TANINTHARYI —NUG’s Tanintharyi Region Military Command issued an emergency warning on Friday to locals and travelers to refrain from unnecessary travel to avoid fighting as clashes may spread due to the military conducting a massive offensive on the town of Myitta, Dawei District. According to local sources, over 200 military personnel in military vehicles were deployed on the Dawei-Htikhi road at around 3.30 a.m. on Friday and conducted an offensive. The military also fired small and heavy weaponry when it entered the town, according to the warning. “The military convoy used jammers to cut off cell phone lines used for [remote controlled] bombs as well as communication in the area. Once the jammers were used, we couldn’t use cell phone bombs and had to rely on landmines,” a PDF member told DVB. In early July, clashes between the military and PDF escalated after the Burma Army conducted an offensive in the area, resulting in casualties on both sides. The military arrested villagers and stole valuables as well as set fire to homes, according to local defense forces.

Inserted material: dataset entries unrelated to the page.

Lemma envelope_slope_Z t Z1 Z2 :
  t0 - r < t < t0 + r -> - zeta < Z1 < zeta -> - zeta < Z2 < zeta -> Z1 <= Z2 ->
  - N * (Z2 - Z1) <= envelope t Z2 - envelope t Z1 <= - n * (Z2 - Z1).
Proof.
  intros Ht.
  apply (envelope_slope_bounds (fun v Z => F v t Z) (fun v => v0 - s <= v <= v0 + s)
           (fun Z => - zeta < Z < zeta) (fun Z => G_root t Z)).
  - intros Z HZ. destruct (G_root_spec t Z Ht HZ) as [Hw _].
    split; [lra | intros v Hv; apply envelope_le; assumption].
  - intros v p1 p2 Hv H1 H2 H12. apply F_slope_Z; assumption.
Qed.

Lemma envelope_base : envelope t0 0 = 0.
Proof.
  assert (Ht0 : t0 - r < t0 < t0 + r) by lra.
  assert (HZ0 : - zeta < 0 < zeta) by lra.
  destruct (G_root_spec t0 0 Ht0 HZ0) as [Hw Gw].
  unfold envelope. rewrite (G_root_unique t0 0 (G_root t0 0) v0); try lra; assumption.
Qed.

Lemma envelope_continuous_t Z t :
  - zeta < Z < zeta -> t0 - r < t < t0 + r -> continuity_pt (fun t => envelope t Z) t.
Proof.
  intros HZ Ht. apply (continuity_pt_of_lipschitz _ (t0 - r) (t0 + r) M); [ | exact Ht].
  intros y Hy. destruct (Rle_dec t y).
  - pose proof (envelope_slope_t Z t y HZ Ht Hy ltac:(lra)).
    assert (0 <= m * (y - t)) by (apply Rmult_le_pos; lra).
    rewrite Rabs_pos_eq, (Rabs_pos_eq (y - t)); lra.
  - pose proof (envelope_slope_t Z y t HZ Hy Ht ltac:(lra)).
    assert (0 <= m * (t - y)) by (apply Rmult_le_pos; lra).
    rewrite Rabs_left1, (Rabs_left1 (y - t)); lra.
Qed.

Lemma envelope_zeros_increasing Z1 Z2 t1 t2 :
  - zeta < Z1 < zeta -> - zeta < Z2 < zeta ->
  t0 - r < t1 < t0 + r -> t0 - r < t2 < t0 + r ->
  envelope t1 Z1 = 0 -> envelope t2 Z2 = 0 -> Z1 < Z2 -> t1 < t2.
Proof.
  intros HZ1 HZ2 Ht1 Ht2 E1 E2 HZ.
  pose proof (envelope_slope_Z t1 Z1 Z2 Ht1 HZ1 HZ2 ltac:(lra)).
  destruct (Rlt_le_dec t1 t2) as [ | Hle]; [assumption | ].
  pose proof (envelope_slope_t Z2 t2 t1 HZ2 Ht2 Ht1 Hle).
  assert (0 < n * (Z2 - Z1)) by (apply Rmult_lt_0_compat; lra).
  assert (0 <= m * (t1 - t2)) by (apply Rmult_le_pos; lra).
  lra.
Qed.

Lemma envelope_zero_unique Z t1 t2 :
  - zeta < Z < zeta -> t0 - r < t1 < t0 + r -> t0 - r < t2 < t0 + r ->
  envelope t1 Z = 0 -> envelope t2 Z = 0 -> t1 = t2.
Proof.
  intros HZ Ht1 Ht2 E1 E2. destruct (Rle_dec t1 t2).
  - pose proof (envelope_slope_t Z t1 t2 HZ Ht1 Ht2 ltac:(lra)). nra.
  - pose proof (envelope_slope_t Z t2 t1 HZ Ht2 Ht1 ltac:(lra)). nra.
Qed.

Lemma envelope_near_Z0 t Z :
  t0 - r < t < t0 + r -> - zeta < Z < zeta ->
  envelope t 0 - N * Rabs Z <= envelope t Z <= envelope t 0 + N * Rabs Z.
Proof.
  intros Ht HZ. assert (HZ0 : - zeta < 0 < zeta) by lra.
  destruct (Rle_dec 0 Z).
  - pose proof (envelope_slope_Z t 0 Z Ht HZ0 HZ ltac:(lra)).
    rewrite Rabs_pos_eq by lra. nra.
  - pose proof (envelope_slope_Z t Z 0 Ht HZ HZ0 ltac:(lra)).
    rewrite Rabs_left by lra. nra.
Qed.

Lemma zero_pair_unique Z T v t :
  - zeta < Z < zeta -> t0 - r < T < t0 + r -> envelope T Z = 0 ->
  v0 - s <= v <= v0 + s -> t0 - r < t < t0 + r -> G v t Z = 0 -> F v t Z = 0 ->
  v = G_root T Z /\ t = T.
Proof.
  intros HZ HT ET Hv Ht Gv Fv.
  destruct (G_root_spec t Z Ht HZ) as [Hw Gw].
  assert (Ev : v = G_root t Z) by (apply (G_root_unique t Z); try assumption; lra).
  assert (Et : t = T).
  { apply (envelope_zero_unique Z); try assumption. unfold envelope. rewrite <- Ev. exact Fv. }
  split; [rewrite Ev, Et; reflexivity | exact Et].
Qed.

Lemma envelope_zero_exists tau :
  0 < tau < r ->
  exists delta (Th : R -> R), 0 < delta <= zeta /\
    forall Z, - delta < Z < delta -> t0 - tau < Th Z < t0 + tau /\ envelope (Th Z) Z = 0.
Proof.
  intros Htau.
  assert (N_gt0 : 0 < N) by lra.
  destruct (Rmin_pos_bounds zeta (m * tau / N)) as (delta_gt0 & delta_le & delta_small);
    [lra | apply Rdiv_lt_0_compat; nra | ].
  set (delta := Rmin zeta (m * tau / N)) in *.
  assert (Hroot : forall Z, - delta < Z < delta ->
            exists t, t0 - tau < t < t0 + tau /\ envelope t Z = 0).
  { intros Z HZ.
    assert (HZ' : - zeta < Z < zeta) by lra.
    assert (HZ0 : - zeta < 0 < zeta) by lra.
    assert (Hsmall : N * Rabs Z < m * tau).
    { replace (m * tau) with (N * (m * tau / N)) by (field; lra).
      apply Rmult_lt_compat_l; [lra | apply Rabs_lt_between; lra]. }
    pose proof (envelope_slope_t 0 t0 (t0 + tau) HZ0 ltac:(lra) ltac:(lra) ltac:(lra)).
    pose proof (envelope_slope_t 0 (t0 - tau) t0 HZ0 ltac:(lra) ltac:(lra) ltac:(lra)).
    pose proof (envelope_near_Z0 (t0 + tau) Z ltac:(lra) HZ').
    pose proof (envelope_near_Z0 (t0 - tau) Z ltac:(lra) HZ').
    rewrite envelope_base in *.
    apply (root_of_sign_change (fun t => envelope t Z)); try lra.
    intros x Hx. apply envelope_continuous_t; lra. }
  exists delta,
    (fun Z => epsilon (inhabits 0) (fun t => t0 - tau < t < t0 + tau /\ envelope t Z = 0)).
  split; [lra | ]. intros Z HZ. apply epsilon_spec, Hroot, HZ.
Qed.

YANGON —Twenty necklaces worth K10 million (US$4,700) each were taken in a robbery at TT Diamond Jewelry shop on Baho Road, Kamayut Township on Thursday, according to sources close to the gold shop. Two young men wearing red face masks entered the shop and threatened staff with a knife and a pistol, and took 20 platinum gold necklaces. A source close to the administration confirmed the robbery and that nearly K200 million (US$95,000) was stolen. “They didn’t shoot anyone, but they used a smoke bomb before they left the shop and planted something that looked like a bomb,” the source said. Security forces carried out an investigation along Baho Road following the robbery.